Erros da turbina até a tomada.

Artigo publicado no Estadão Noite; http://www.estadao.com.br/noticias/geral,os-destaques-do-estadao-noite-desta-sexta-feira-6,1630836

Roberto Pereira D’Araujo

Diretor do Instituto de Desenvolvimento Estratégico do Setor Elétrico – ilumina.org.br

Se sua poupança tivesse o equivalente ao que sua família consome em um mês e você percebesse que essa situação vem numa tendência de piora contínua, você diria que o seu risco é baixo? Você não tomaria alguma atitude para diminuir seus gastos? Se você acha que está tudo bem, então deve concordar com o que dizem as autoridades, porque, guardadas as imprecisões da analogia, isso é o que está ocorrendo com a área de energia elétrica hoje.

Os dados são do Operador Nacional do Sistema. Em janeiro de 2015, a reserva em todas as usinas hidráulicas do sistema somava 43.808 GWh. No mesmo mês (30 dias), o consumo total chegou a 49.163 GWh. Portanto, dividindo um pelo outro, temos 26 dias de consumo na nossa “poupança” hidroenergética. Menos de um mês.

Isso não quer dizer que daqui a 26 dias teremos racionamento. Esse número é apenas uma fotografia de um filme. Apesar de chover pouco, os rios não secaram e, se conseguirmos retirar menos água do que está entrando, a “poupança” aumenta.

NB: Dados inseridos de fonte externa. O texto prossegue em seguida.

(* Let $\mathcal{S}=(Q,E,\delta,Q_0,\Sigma,\ell)$ be a labeled finite-state automaton, $Q_S\subset Q$ a set of secret states, and $K$ a positive integer with $K>2^{|Q|}-2$. Then $\mathcal{S}$ is infinite-step opaque with respect to $Q_S$ if and only if $\mathcal{S}$ is $K$-step opaque with respect to $Q_S$.
   Context: A labeled finite-state automaton is $\mathcal{S}=(Q,E,\delta,Q_0,\Sigma,\ell)$ with finite state set $Q$, finite event alphabet $E$, transition relation $\delta\subset Q\times E\times Q$, initial states $Q_0\subset Q$, finite output alphabet $\Sigma$, and labeling $\ell:E\to\Sigma\cup\{\epsilon\}$ ($\epsilon$ the empty word), extended morphically to event words. A run $q\xrightarrow{s}q'$ ($s\in E^*$) means a sequence of transitions from $q$ to $q'$ reading $s$ (the empty word gives $q=q'$). Infinite-step opacity: $\mathcal{S}$ is infinite-step opaque w.r.t. $Q_S$ if for every run $q_0\xrightarrow{s_1}q_1\xrightarrow{s_2}q_2$ with $q_0\in Q_0$ and $q_1\in Q_S$ there is a run $q_0'\xrightarrow{s_1'}q_1'\xrightarrow{s_2'}q_2'$ with $q_0'\in Q_0$, $q_1'\in Q\setminus Q_S$, $\ell(s_1)=\ell(s_1')$, $\ell(s_2)=\ell(s_2')$. $K$-step opacity ($K$ a positive integer): same as infinite-step opacity but the requirement is only imposed on runs with $|\ell(s_2)|\le K$. *)

From mathcomp Require Import all_boot.
Set Implicit Arguments. Unset Strict Implicit. Unset Printing Implicit Defensive.

(* Q, E, Sigma are finite types; delta is a transition relation;
   Q0 a set of initial states; ell : E -> Sigma ∪ {epsilon}, encoded as
   option Sigma with None = epsilon. *)
Record LFSA := {
  st : finType;
  ev : finType;
  out : finType;
  delta : st -> ev -> st -> bool;
  init : {set st};
  lab : ev -> option out
}.

Definition labw (S : LFSA) (s : seq (ev S)) : seq (out S) := pmap (@lab S) s.

Inductive run (S : LFSA) : st S -> seq (ev S) -> st S -> Prop :=
| run_nil q : run q [::] q
| run_cons q e q1 s q' : delta q e q1 -> run q1 s q' -> run q (e :: s) q'.

Definition inf_step_opaque (S : LFSA) (QS : {set st S}) : Prop :=
  forall q0 q1 q2 s1 s2,
    q0 \in init S -> q1 \in QS -> run q0 s1 q1 -> run q1 s2 q2 ->
    exists q0' q1' q2' s1' s2',
      [/\ q0' \in init S, q1' \notin QS, run q0' s1' q1', run q1' s2' q2' &
          labw s1 = labw s1' /\ labw s2 = labw s2'].

Definition K_step_opaque (S : LFSA) (QS : {set st S}) (K : nat) : Prop :=
  forall q0 q1 q2 s1 s2,
    q0 \in init S -> q1 \in QS -> run q0 s1 q1 -> run q1 s2 q2 ->
    size (labw s2) <= K ->
    exists q0' q1' q2' s1' s2',
      [/\ q0' \in init S, q1' \notin QS, run q0' s1' q1', run q1' s2' q2' &
          labw s1 = labw s1' /\ labw s2 = labw s2'].

From mathcomp Require Import all_boot zify.
From Stdlib Require Import ClassicalEpsilon.

Set Implicit Arguments.
Unset Strict Implicit.
Unset Printing Implicit Defensive.

(* Let [producers w] be the set of states from which some run emits the
   observation w.  It is a congruence: [producers (u ++ v)] depends on [v]
   only through [producers v].  If the observation w after a secret state has
   length at least 2^|Q|, two of its |w| + 1 suffixes, drop i w and drop j w
   with i < j, have the same producers.  Cutting out the factor between i and
   j gives a shorter observation from the same secret state; by induction it is
   also produced through a non-secret state, and exchanging the suffix back
   yields a run through that state emitting w.  So K-step opacity for
   K >= 2^|Q| - 1 propagates to every length. *)

Lemma card_finset (T : finType) : #|{set T}| = 2 ^ #|T|.
Proof. by rewrite -[LHS]cardsT -powersetT card_powerset cardsT. Qed.

Lemma ord_pigeonhole (T : finType) n (f : 'I_n -> T) :
  #|T| < n -> exists i j : 'I_n, i < j /\ f i = f j.
Proof.
move=> ltTn; have /injectivePn [i [j neq_ij eq_fij]] : ~~ injectiveb f.
  by apply/negP => /injectiveP/leq_card; rewrite card_ord; lia.
case: (ltngtP i j) => [lt_ij | lt_ji | /val_inj eq_ij].
- by exists i, j.
- by exists j, i.
- by rewrite eq_ij eqxx in neq_ij.
Qed.

Section Runs.
Variable S : LFSA.
Implicit Types (p q r : st S) (e : ev S) (s t : seq (ev S)) (u v w : seq (out S)).

Lemma labw_cat s t : labw (s ++ t) = labw s ++ labw t.
Proof. exact: pmap_cat. Qed.

Lemma run_cat q p r s t : run q s p -> run p t r -> run q (s ++ t) r.
Proof. by elim=> // {}q e q1 {}s p' step _ IH /IH; apply: run_cons. Qed.

Lemma run_consE q e s r : run q (e :: s) r -> exists2 q1, delta q e q1 & run q1 s r.
Proof. by move=> run_es; inversion run_es; exists q1. Qed.

Lemma run_cat_split q r s t : run q (s ++ t) r -> exists2 p, run q s p & run p t r.
Proof.
elim: s q => [|e s IH] q /=; first by exists q => //; constructor.
case/run_consE=> q1 step /IH [p run_s run_t].
by exists p => //; apply: run_cons step run_s.
Qed.

Lemma labw_eq_cat s u v :
  labw s = u ++ v -> exists n, labw (take n s) = u /\ labw (drop n s) = v.
Proof.
elim: s u => [|e s IH] [|a u] eq_s; try by exists 0; rewrite take0 drop0.
move: eq_s; rewrite {1}/labw /=; case lab_e: (lab e) => [b|] /=.
  by case=> <- /IH [n [<- <-]]; exists n.+1; rewrite /labw /= lab_e.
by move=> /(IH (a :: u)) [n [<- <-]]; exists n.+1; rewrite /labw /= lab_e.
Qed.

Definition producers w : {set st S} :=
  [set q | excluded_middle_informative (exists s q', run q s q' /\ labw s = w)].

Lemma producersP q w :
  reflect (exists s q', run q s q' /\ labw s = w) (q \in producers w).
Proof. by rewrite inE; case: excluded_middle_informative => /= H; constructor. Qed.

Lemma producers_catl u v v' :
  producers v = producers v' -> producers (u ++ v) = producers (u ++ v').
Proof.
suff sub_cat v1 v2 : producers v1 = producers v2 ->
    {subset producers (u ++ v1) <= producers (u ++ v2)}.
  by move=> eq_v; apply/setP => q; apply/idP/idP; apply: sub_cat.
move=> eq_v q /producersP [s [r [run_s /labw_eq_cat [n [lab_u lab_v]]]]].
rewrite -(cat_take_drop n s) in run_s.
have [p run_u run_v] := run_cat_split run_s.
have /producersP [t [r' [run_t lab_t]]] : p \in producers v2.
  by rewrite -eq_v; apply/producersP; exists (drop n s), r.
apply/producersP; exists (take n s ++ t), r'; split; first exact: run_cat run_t.
by rewrite labw_cat lab_u lab_t.
Qed.

Lemma repeated_suffix_producers w : 2 ^ #|st S| <= size w ->
  exists i j, [/\ i < j, j <= size w & producers (drop i w) = producers (drop j w)].
Proof.
move=> long_w; have [|i [j [lt_ij eq_ij]]] :=
  ord_pigeonhole (fun i : 'I_(size w).+1 => producers (drop i w)).
  by rewrite card_finset ltnS.
by exists i, j; split=> //; rewrite -ltnS.
Qed.

End Runs.

Section Opacity.
Variables (S : LFSA) (QS : {set st S}).

Lemma K_step_opaque_le m n : m <= n -> K_step_opaque QS n -> K_step_opaque QS m.
Proof.
move=> le_mn opq q0 q1 q2 s1 s2 init_q0 secret_q1 run_s1 run_s2 short_s2.
exact: opq init_q0 secret_q1 run_s1 run_s2 (leq_trans short_s2 le_mn).
Qed.

Lemma inf_step_opaqueP : inf_step_opaque QS <-> forall K, K_step_opaque QS K.
Proof.
split=> [opq K q0 q1 q2 s1 s2 init_q0 secret_q1 run_s1 run_s2 _ | opq].
  exact: opq init_q0 secret_q1 run_s1 run_s2.
move=> q0 q1 q2 s1 s2 init_q0 secret_q1 run_s1 run_s2.
exact: opq init_q0 secret_q1 run_s1 run_s2 (leqnn _).
Qed.

Lemma K_step_opaqueS K :
  2 ^ #|st S| <= K.+1 -> K_step_opaque QS K -> K_step_opaque QS K.+1.
Proof.
move=> large_K opq q0 q1 q2 s1 s2 init_q0 secret_q1 run_s1 run_s2 short_s2.
have [le_s2K|long_s2] := leqP (size (labw s2)) K.
  exact: opq init_q0 secret_q1 run_s1 run_s2 le_s2K.
set w := labw s2 in short_s2 long_s2 *.
have [i [j [lt_ij le_jw eq_ij]]] := repeated_suffix_producers (leq_trans large_K long_s2).
have /producersP [s2' [q2' [run_s2' lab_s2']]] : q1 \in producers (take i w ++ drop j w).
  by rewrite -(producers_catl _ eq_ij) cat_take_drop; apply/producersP; exists s2, q2.
have [|q0' [q1' [q2'' [s1' [s2'' [init_q0' public_q1' run_s1' run_s2'' [lab_s1 lab_s2]]]]]]] :=
  opq q0 q1 q2' s1 s2' init_q0 secret_q1 run_s1 run_s2'.
  by rewrite lab_s2' size_cat size_takel ?size_drop; lia.
have /producersP [s3 [q3 [run_s3 lab_s3]]] : q1' \in producers w.
  rewrite -(cat_take_drop i w) (producers_catl _ eq_ij).
  by apply/producersP; exists s2'', q2''; rewrite -lab_s2 lab_s2'.
by exists q0', q1', q3, s1', s3.
Qed.

Lemma K_step_opaque_inf K :
  2 ^ #|st S| <= K.+1 -> K_step_opaque QS K -> inf_step_opaque QS.
Proof.
move=> large_K opq; apply/inf_step_opaqueP; elim=> [|m IH].
  exact: K_step_opaque_le opq.
have [le_mK | lt_Km] := leqP m.+1 K; first exact: K_step_opaque_le opq.
by apply: K_step_opaqueS IH; apply: leq_trans large_K _.
Qed.

End Opacity.

Theorem corollary2 (S : LFSA) (QS : {set st S}) (K : nat) :
  0 < K -> 2 ^ #|st S| - 2 < K ->
  (inf_step_opaque QS <-> K_step_opaque QS K).
Proof.
move=> _ large_K; split; first by move/inf_step_opaqueP.
by apply: K_step_opaque_inf; lia.
Qed.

Só que não parece crível que o risco de ocorrer um racionamento seja da ordem de 7%, como afirma o governo. Afinal, as nossas térmicas, funcionado ao máximo, só podem chegar a 30% da carga. Bastaria o resto, hidráulicas e eólicas, não conseguirem gerar os 70% restantes e já estaríamos com sérios problemas. Além disso, nós, brasileiros, precisamos entender que a questão não se resume a ter ou não ter o racionamento. A tarifa que pagamos pressupõe um risco abaixo de 5% e o “produto” que estão nos entregando não tem essa confiabilidade.

A situação atual, como o exemplo da poupança, não surgiu de repente. Desde 2009 a nossa reserva em função da carga cai vertiginosamente. Nesses casos, São Pedro logo se torna o vilão da história, mas não é bem assim. De 2009 até 2014, apenas 2012 e 2014 foram anos “secos”, sendo que 2012 apresentou afluências apenas 13% abaixo da média. Portanto, nada de culpar o santo.

Na realidade, nem toda usina térmica é uma boa “ajudante” das hidráulicas. Se ela for muito cara, fica desligada para não aumentar a tarifa. Mas, como é contabilizada na oferta, quem gera no lugar dela é uma usina hidráulica. Portanto, ao contrário do senso comum, boa parte das térmicas que contratamos nesse período (óleo e diesel) ajuda a esvaziar reservatórios. Esse é o falso equilíbrio e robustez do sistema.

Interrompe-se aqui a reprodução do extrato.